SEOUL (AP) – Iranian Revolutionary Guard armed forces stormed a South Korean tanker, forcing the ship to change course and travel to Iran, the ship’s owner said Tuesday, the latest maritime seizure by Tehran amid elevated tensions with the West over its nuclear program.
The military raid on MT Hankuk Chemi on Monday was at odds with Iranian statements that they had stopped the ship for contamination of the waters of the Persian Gulf and the Strait of Hormuz. Instead, it seemed that the Islamic Republic wanted to increase its power over Seoul ahead of negotiating billions of dollars in Iranian assets frozen in South Korean banks amid a US campaign of pressure against Iran.
When a spokesman for the Iranian government was asked about the seizure on Tuesday, he offered Tehrans clashed acknowledgment so far of a link to the frozen assets.

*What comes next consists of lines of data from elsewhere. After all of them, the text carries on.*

(* sigma s_j is regular as soon as the wall of alpha_j is not parallel to a:
   a fixed vector v of L s_{alpha_j} is orthogonal to alpha_j, hence fixed by L,
   hence parallel to a, hence zero *)
Lemma regular_sigma_sref j : dot (ar j) a != 0 -> regular (fun x => sigma (s j x)).
Proof.
move=> ja; have tildeE x : tilde (fun x => sigma (s j x)) x = L (refl (ar j) x).
  rewrite /tilde wordmapE [sigma (s j 0)]wordmapE opprD addrACA subrr addr0.
  by rewrite -wlinB [s j x]srefE addrK.
suff : bijective (fun x => x - L (refl (ar j) x)).
  by move=> bij; apply: (eq_bij bij) => x; rewrite tildeE.
apply: linear_inj_bij => [x y | k x | v /eqP].
- by rewrite reflD wlinD opprD addrACA.
- by rewrite reflZ wlinZ scalerBr.
rewrite subr_eq0 => /eqP Ev.
have jv : dot (ar j) v = 0.
  have j0 : ar j != 0 by apply: contraNneq ja => ->; rewrite dot0l.
  have K0 : 2 / dot (ar j) (ar j) * dot (ar j) a != 0.
    by rewrite mulf_neq0 // gt_eqF // divr_gt0 ?dot_gt0.
  have /eqP := dot_normal_wlin (refl (ar j) v); rewrite -Ev /refl dotBr dotZr.
  by rewrite dot_coroot -subr_eq0 opprB addrC subrK mulf_eq0 (negbTE K0) orbF => /eqP.
have Lv : L v = v by rewrite {2}Ev refl_id.
move: jv; rewrite (fixed_parallel Lv) dotZr => /eqP.
by rewrite mulf_eq0 (negbTE ja) orbF => /eqP ->; rewrite scale0r.
Qed.
End HyperplaneRange.

Section SingleWall.
Variables (R : realFieldType) (n : nat).
Local Notation V := 'rV[R]_n.
Variables (Phi : seq V) (alpha : 'I_n -> V) (amax : V) (sigma : V -> V) (b : V).
Hypothesis simple : simple_system Phi alpha.
Hypothesis highest : highest_root Phi alpha amax.
Hypothesis b0 : b != 0.
Hypothesis sigma_shift : forall x t, sigma (x + t *: b) = sigma x + t *: b.

(* If xi = (id - sigma)(x0) with x0 in the alcove, then xi is also the image of
   the point where the ray x0 + t b exits the alcove; when xi avoids the images
   of all faces of codimension >= 2, that point lies on a single wall A_i. *)
Lemma single_wall x0 :
  alcove alpha amax x0 ->
  (forall I : {set 'I_n.+1}, I != setT -> (2 <= #|I|)%N ->
     ~ Vimg sigma (face alpha amax I) (x0 - sigma x0)) ->
  exists i, dot (aroot alpha amax i) b < 0 /\
            Vimg sigma (face alpha amax [set i]) (x0 - sigma x0).
Proof.
move=> x0A no_small_face.
have [j1 bj1] := exists_neg_aroot simple highest b0.
have Nb0 : - b != 0 by rewrite oppr_eq0.
have [j2] := exists_neg_aroot simple highest Nb0; rewrite dotNr oppr_lt0 => bj2.
have [t [I [i [pI IT iI bi]]]] := ray_exit x0A bj1 bj2.
have VI : Vimg sigma (face alpha amax I) (x0 - sigma x0).
  by exists (x0 + t *: b); rewrite // sigma_shift opprD addrACA subrr addr0.
have I_le1 : (#|I| <= 1)%N by rewrite leqNgt; apply/negP => /(no_small_face I IT).
have eI : [set i] = I by apply/eqP; rewrite eqEcard sub1set iI cards1.
by exists i; rewrite eI.
Qed.
End SingleWall.

Unset Implicit Arguments.
Set Strict Implicit.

“If anyone is to be called a hostage-taker, it is the South Korean government that has taken our more than $ 7 billion hostage under a futile pretext,” said spokesman Ali Rabiei.
Iran also started enriching uranium to 20% on Monday, a small technical step away from a weapon quality level of 90%, in the underground Fordo facility. That move seemed aimed at putting pressure on the US in the closing days of President Donald Trump’s administration, which unilaterally withdrew from Tehran’s nuclear deal with world powers.
Later on Tuesday, comments from the head of Iran’s civilian nuclear program suggested that Tehran’s current production of uranium enriched to 20% for more than two years would not reach the levels needed for a nuclear weapon, potentially leaving time for negotiations under the President-elect Joe Biden.
An official at DM Shipping Co. Ltd. from Busan, South Korea, who spoke to The Associated Press on condition of anonymity as he was not authorized to speak to journalists, gave details of the Hankuk Chemi seizure. The ship was en route from Jubail, Saudi Arabia, to Fujairah in the United Arab Emirates when Iranian forces reached the ship and said they would board.
Initially, Iranian forces said they wanted to conduct an unspecified check on the ship, the official said. While the captain of the ship in South Korea spoke to company security officials, armed Iranian forces stormed the tanker as an Iranian helicopter flew over, the official said. The troops demanded that the captain sail the tanker into Iranian waters after an unspecified investigation and refused to explain themselves, the official added.
The company has not been able to reach the captain since then, the official said. Security cameras installed on the ship that initially relayed images of the scene on the deck to the company have now been disabled, the official said.
After the company lost contact with the captain, the company received a security warning against piracy, suggesting that the captain had activated an onboard warning system, the official said. It remains unclear whether the ship attempted to enlist outside help.
The U.S. Navy’s 5th Fleet routinely patrols the area along with an American-led coalition that guards the Strait of Hormuz, the narrow mouth of the Persian Gulf through which 20% of the world’s oil flows. A separate European-led effort is also active there.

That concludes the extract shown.